What’s the chance that a syndrome that leads to carpal tunnel syndrome would be named after my family? Amazing. And decidedly unpleasant sounding. I’ll have to give someone in the Indiana branch of the family a call for practical details.
Here’s the latest reply from CBC on the RSS issue:
As previously explained by the customer support representant, CBC does not allow external use of our RSS or XML files. This is a very strict policy to ensure full control by the corporation over the editorial content and branding. If I do understand your interest for a RSS feed, I have the regret to notify you that this service is not available for public use.
This leads me to understand that there actually are RSS and XML files somewhere inside the CBC; they’re just not letting them leak outside.
I can’t claim to understand their “very strict policy to ensure full control by the corporation over the editorial content and branding.”
Probably time to take this higher.
It would seem to me that if I was the CBC, I would want my work product spread as far and wide as possible.
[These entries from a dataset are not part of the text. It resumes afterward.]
Lemma edge_okE e :
  if edge_vert e then
    (edge_y e < H) && ~~ in_block_v a b s (edge_x e) (edge_y e)
                   && ~~ in_block_v a b s (edge_x e) (edge_y e).+1
  else (edge_x e < W) && ~~ in_block_v a b s (edge_x e) (edge_y e)
                      && ~~ in_block_v a b s (edge_x e).+1 (edge_y e).
Proof. exact: (valP e). Qed.

Lemma edge_x_le e : edge_x e <= W. Proof. by rewrite -ltnS ltn_ord. Qed.
Lemma edge_y_le e : edge_y e <= H. Proof. by rewrite -ltnS ltn_ord. Qed.

Lemma eq_edgeE e1 e2 :
  (e1 == e2) = [&& edge_x e1 == edge_x e2, edge_y e1 == edge_y e2 & edge_vert e1 == edge_vert e2].
Proof.
rewrite -val_eqE /edge_x /edge_y /edge_vert.
by case: (val e1) => [[x1 y1] d1]; case: (val e2) => [[x2 y2] d2]; rewrite /= !xpair_eqE andbA.
Qed.

Lemma edge_head_le e : (edge_x e + ~~ edge_vert e <= W) && (edge_y e + edge_vert e <= H).
Proof.
have := edge_okE e; have := edge_x_le e; have := edge_y_le e.
by case: (edge_vert e) => hy hx /andP [/andP [h _] _]; rewrite /= ?addn0 ?addn1 ?hx ?hy ?h.
Qed.

Definition tail e : Vt := (val e).1.
Definition head e : Vt := (inord (edge_x e + ~~ edge_vert e), inord (edge_y e + edge_vert e)).

Lemma head_xE e : ((head e).1 : nat) = edge_x e + ~~ edge_vert e.
Proof. by case/andP: (edge_head_le e) => hx _; rewrite /= inordK. Qed.

Lemma head_yE e : ((head e).2 : nat) = edge_y e + edge_vert e.
Proof. by case/andP: (edge_head_le e) => _ hy; rewrite /= inordK. Qed.

Lemma incE v e : incg v e =
  ((v.1 : nat) == edge_x e) && ((v.2 : nat) == edge_y e) ||
  ((v.1 : nat) == edge_x e + ~~ edge_vert e) && ((v.2 : nat) == edge_y e + edge_vert e).
Proof.
rewrite /inc /edge_x /edge_y /edge_vert.
by case: v => i j; case: (val e) => [[x y] d]; rewrite /= xpair_eqE.
Qed.

Lemma inc_addb v e : incg v e = (v == tail e) (+) (v == head e).
Proof.
case/andP: (edge_head_le e) => hx hy.
rewrite incE -!pair_eqE /pair_eq /= -!val_eqE /= !inordK ?ltnS // -/(edge_x e) -/(edge_y e).
by case: (edge_vert e); rewrite /= ?addn0 ?addn1; case: (_ =P edge_x e); case: (_ =P edge_y e); lia.
Qed.

Lemma cycle_cut C (P : nat -> nat -> bool) : bdry incg C = set0 ->
  xorsum C (fun e => P (edge_x e) (edge_y e)
                     (+) P (edge_x e + ~~ edge_vert e) (edge_y e + edge_vert e)) = false.
Proof.
move=> C0; rewrite -(xorsum_incident_cycle (fun v : Vt => P v.1 v.2) C0).
apply: eq_xorsum => e _; under eq_bigr do rewrite inc_addb.
by rewrite big_split /= !big_addb_pred1 head_xE head_yE.
Qed.

(* [height C x y] counts the crossings of C by the horizontal dual path from the
   left outer face to the plaquette (x, y). *)
Definition height C x y := xorsum C (fun e => edge_vert e && (edge_x e <= x) && (edge_y e == y)).
Definition horiz C x y := xorsum C (fun e => ~~ edge_vert e && (edge_x e == x) && (edge_y e == y)).
(* Let $p=\sum_{i=0}^n c_iT^i$ be a polynomial of degree $n\ge1$ over $\mathbb T$, and let $a_1\le\dots\le a_n$ be the unique elements of $\mathbb T$ with $c_n^{-1}p\in\boxdot_{i=1}^n(T+a_i)$. Let $a\ne0$ be one of the $a_i$, and let $k\in\{1,\dots,n\}$ and $m\ge1$ be such that $a=a_k=\dots=a_{k+m-1}$, $a_{k-1}<a_k$ if $k\ge2$, and $a_{k+m-1}<a_{k+m}$ if $k+m\le n$. Define $d_0,\dots,d_{n-1}\in\mathbb T$ by: (1) if $k\le n-m$: $d_{n-1}=c_n$ and, for $i=n-2,n-3,\dots,k+m-1$ (in decreasing order), $d_i=\max\{c_{i+1},ad_{i+1}\}$; (2) if $k\ge2$: $d_0=a^{-1}c_0$ and, for $i=1,\dots,k-2$ (in increasing order), $d_i=\max\{a^{-1}c_i,a^{-1}d_{i-1}\}$; (3) for $i=k-1,\dots,k+m-2$: $d_i=a_{i+2}a_{i+3}\cdots a_nc_n$ (an empty product being $1$). Then $q=\sum_{i=0}^{n-1}d_iT^i$ satisfies $p\in(T+a)\boxdot q$, i.e. $c_n=d_{n-1}$, $c_0=ad_0$, and $c_i\in (ad_i)\boxplus d_{i-1}$ for $i=1,\dots,n-1$.
   Context: The tropical hyperfield $\mathbb T$ is $\mathbb R_{\ge0}$ with usual multiplication and hyperaddition $a\boxplus b=\{\max\{a,b\}\}$ if $a\ne b$, $a\boxplus a=[0,a]$ (so $c\in a\boxplus b$ iff the maximum of $a,b,c$ is attained at least twice; $-a=a$). Iterated sums: $\boxplus_{i=1}^n a_i=\bigcup_{b\in\boxplus_{i=1}^{n-1}a_i} b\boxplus a_n$. A polynomial over $\mathbb T$ is a finitely supported sequence $(c_i)$, written $\sum c_iT^i$. Hyperproduct: $p\boxdot q=\{\sum e_iT^i : e_i\in \boxplus_{k+l=i} c_kd_l\}$, and $\boxdot_{i=1}^n q_i=\bigcup_{r\in\boxdot_{i=1}^{n-1}q_i} r\boxdot q_n$. Known fact (fundamental theorem for $\mathbb T$): for monic $p$ of degree $n$ there is a unique sequence $a_1\le\dots\le a_n$ in $\mathbb T$ with $p\in\boxdot_{i=1}^n(T+a_i)$; this holds iff $c_i\le a_{i+1}\cdots a_n$ for all $i=0,\dots,n-1$ with equality whenever $a_i<a_{i+1}$ (for $i\ge1$) or $i=0$ and $a_0$ is not defined—precisely: $c_0=a_1\cdots a_n$ and $c_i=a_{i+1}\cdots a_n$ when $a_i<a_{i+1}$; the roots of $p$ are exactly $a_1,\dots,a_n$. *)

(* The tropical hyperfield T is modelled as the nonnegative
   elements of an arbitrary real field R (the paper uses R_{>=0}). *)
From HB Require Import structures.
From mathcomp Require Import all_boot all_order all_algebra.
Set Implicit Arguments. Unset Strict Implicit. Unset Printing Implicit Defensive.
Import Order.TTheory GRing.Theory Num.Theory.
Local Open Scope ring_scope.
They’re a public service, after all, with a primary goal being something along the lines of “the greater good of all mankind.”
So if there was ever a technology that lent itself to eager and quick adoption by the CBC, you would think it would be the web syndication facilities offered by technologies like RSS.
RSS provides the CBC with an opportunity to, at no cost, spread its content to new and interesting audiences.
Thinking that perhaps I’d missed something, and that the CBC actually does provide RSS feeds, I sent an exploratory email to the contact address listed for their Free Headlines service (a complex, proprietary server-side solution that forces syndicators to accept the CBC’s “look and feel” and affords none of the benefits of RSS). To which I received the following response:
Following your request, it is impossible to send you any RSS feed due to our strict policy. We understand your point, but we do not send it to particulars. We hope this will answer your questions
The mind boggles. On so many levels.